The Sliding Center Sanki (Санки) (a.k.a. the Sanki Sliding Center) is a bobsleigh, luge, and skeleton track located in Rzhanaya Polyana, Russia, 60 km (37 mi) northeast of Sochi. Located in the Western Caucasus. The venue hosted the bobsleigh, luge, and skeleton events for the 2014 Winter Olympics.

==History==
In 2006, it was announced that Russia would construct two new bobsleigh, luge, and skeleton tracks. The first track was located near Moscow while the second one would be located in Krasnaya Polyana. Sochi was chosen to host the 2014 Winter Olympics over Pyeongchang, South Korea and Salzburg, Austria on 4 July 2007. By 2009, the location was changed to Rzhanaya Polyana, located not far from Krasnaya Polyana. On 26 April 2016, a fire damaged part of the track.

==Track==
The track length is 1365 meters for bobsleigh, skeleton, and men's singles luge and 1325 meters for luge – women's singles and men's doubles, with the finish height being at 1215 meters above sea level. It features 19 curves for bobsleigh and skeleton, 20 turns for men's singles luge, and 17 turns for luge – women's singles/men's doubles. The maximum height difference (in the 1365m configuration) is 131.9 meters. The track will have permanent seating of 500, a temporary seating of 500, and a standing room crowd of 10,000 during the 2014 games. In their Olympic bid package, Sochi's track would cost RUB 135.7 million.

Post-Olympic usage involves international bobsleigh, luge, and skeleton competitions and training for Russian athletes involved in those sports.

==Controversies==
Construction was scheduled to begin in 2007 and run until 2009 with testing events approved by the International Bobsleigh and Tobogganing Federation (FIBT) and the FIL in 2013 and 2014. There have been two issues with the track regarding location.

===Downhill grades===
Seven different locations were submitted to both the FIBT and FIL, but have all been rejected due to high downhill grades on the track. The joint track commission of the FIBT-FIL expressed concerns over this issue. The head of the Königssee bobsleigh, luge, and skeleton track in Germany stated that "the FIL is not to blame for the problems occurring in connection with the track location."

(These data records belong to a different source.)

(* Let $A=(a_n)_{n\ge1}$ and $B=(b_n)_{n\ge1}$ be decreasing sequences of positive real numbers converging to $0$, such that the difference sequences $(a_n-a_{n+1})_{n\ge1}$ and $(b_n-b_{n+1})_{n\ge1}$ are monotonically nonincreasing. If $a_n\le b_n$ for all $n$, then $\overline{\dim}_BA\le\overline{\dim}_BB$ and $\underline{\dim}_BA\le\underline{\dim}_BB$ (the sequences being identified with the sets of their terms).
   Context: For a bounded set $S\subset\mathbb{R}$ and $\varepsilon>0$, $S_\varepsilon=\{y: \mathrm{dist}(y,S)<\varepsilon\}$ and $|S_\varepsilon|$ is its Lebesgue measure. $\mathcal M^{*s}(S)=\limsup_{\varepsilon\to0}|S_\varepsilon|/\varepsilon^{1-s}$, $\mathcal M_*^{s}(S)=\liminf_{\varepsilon\to0}|S_\varepsilon|/\varepsilon^{1-s}$; $\overline{\dim}_BS=\inf\{s\ge0:\mathcal M^{*s}(S)=0\}$ and $\underline{\dim}_BS=\inf\{s\ge0:\mathcal M_*^{s}(S)=0\}$. *)

From Stdlib Require Import Reals Lra ClassicalEpsilon.
Open Scope R_scope.

Definition is_inf (E : R -> Prop) (m : R) : Prop :=
  (forall x, E x -> m <= x) /\ (forall m', (forall x, E x -> m' <= x) -> m' <= m).

Definition cover_sums (U : R -> Prop) (x : R) : Prop :=
  exists a b : nat -> R,
    (forall n, a n <= b n) /\
    (forall y, U y -> exists n, a n < y < b n) /\
    infinite_sum (fun n => b n - a n) x.

(* Lebesgue (outer) measure of U; meaningful for bounded U. *)
Definition lmeasure (U : R -> Prop) : R :=
  epsilon (inhabits 0) (is_inf (cover_sums U)).

Definition nbhd (S : R -> Prop) (eps : R) : R -> Prop :=
  fun y => exists x, S x /\ Rabs (y - x) < eps.

Definition mink_ratio (S : R -> Prop) (s eps : R) : R :=
  lmeasure (nbhd S eps) / Rpower eps (1 - s).

(* Upper Minkowski content M^{*s}(S) = limsup_{eps->0} ratio.
   Since the ratio is >= 0, M^{*s}(S) = 0 iff
   for all d > 0 there is eta > 0 with sup_{0<eps<eta} ratio <= d,
   i.e. ratio <= d for all 0 < eps < eta. *)
Definition upper_content_zero (S : R -> Prop) (s : R) : Prop :=
  forall d, 0 < d -> exists eta, 0 < eta /\
    forall eps, 0 < eps < eta -> mink_ratio S s eps <= d.

(* Lower Minkowski content M_*^s(S) = liminf_{eps->0} ratio = 0 iff
   for all d > 0 and eta > 0, inf_{0<eps<eta} ratio <= d ... i.e.
   there are eps arbitrarily small with ratio < d. *)
Definition lower_content_zero (S : R -> Prop) (s : R) : Prop :=
  forall d eta, 0 < d -> 0 < eta -> exists eps, 0 < eps < eta /\
    mink_ratio S s eps < d.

===World Heritage Site proximity===
The site where the track would be located has been under fire from Greenpeace Russia over its location near the World Heritage Site of the Western Caucasus. Following Greenpeace Russia's official examination of the facility near the Sochi National Park, it was determined that about ten other places could be used outside of the park for track construction. Controversy about the track also included the Northern Caucasus brown bear's location near the track for which the bear is an endangered species.

===Resolution===
Both issues were resolved after FIL President Josef Fendt expressed his support along with an International Olympic Committee (IOC) visit in Sochi on 21 May 2009.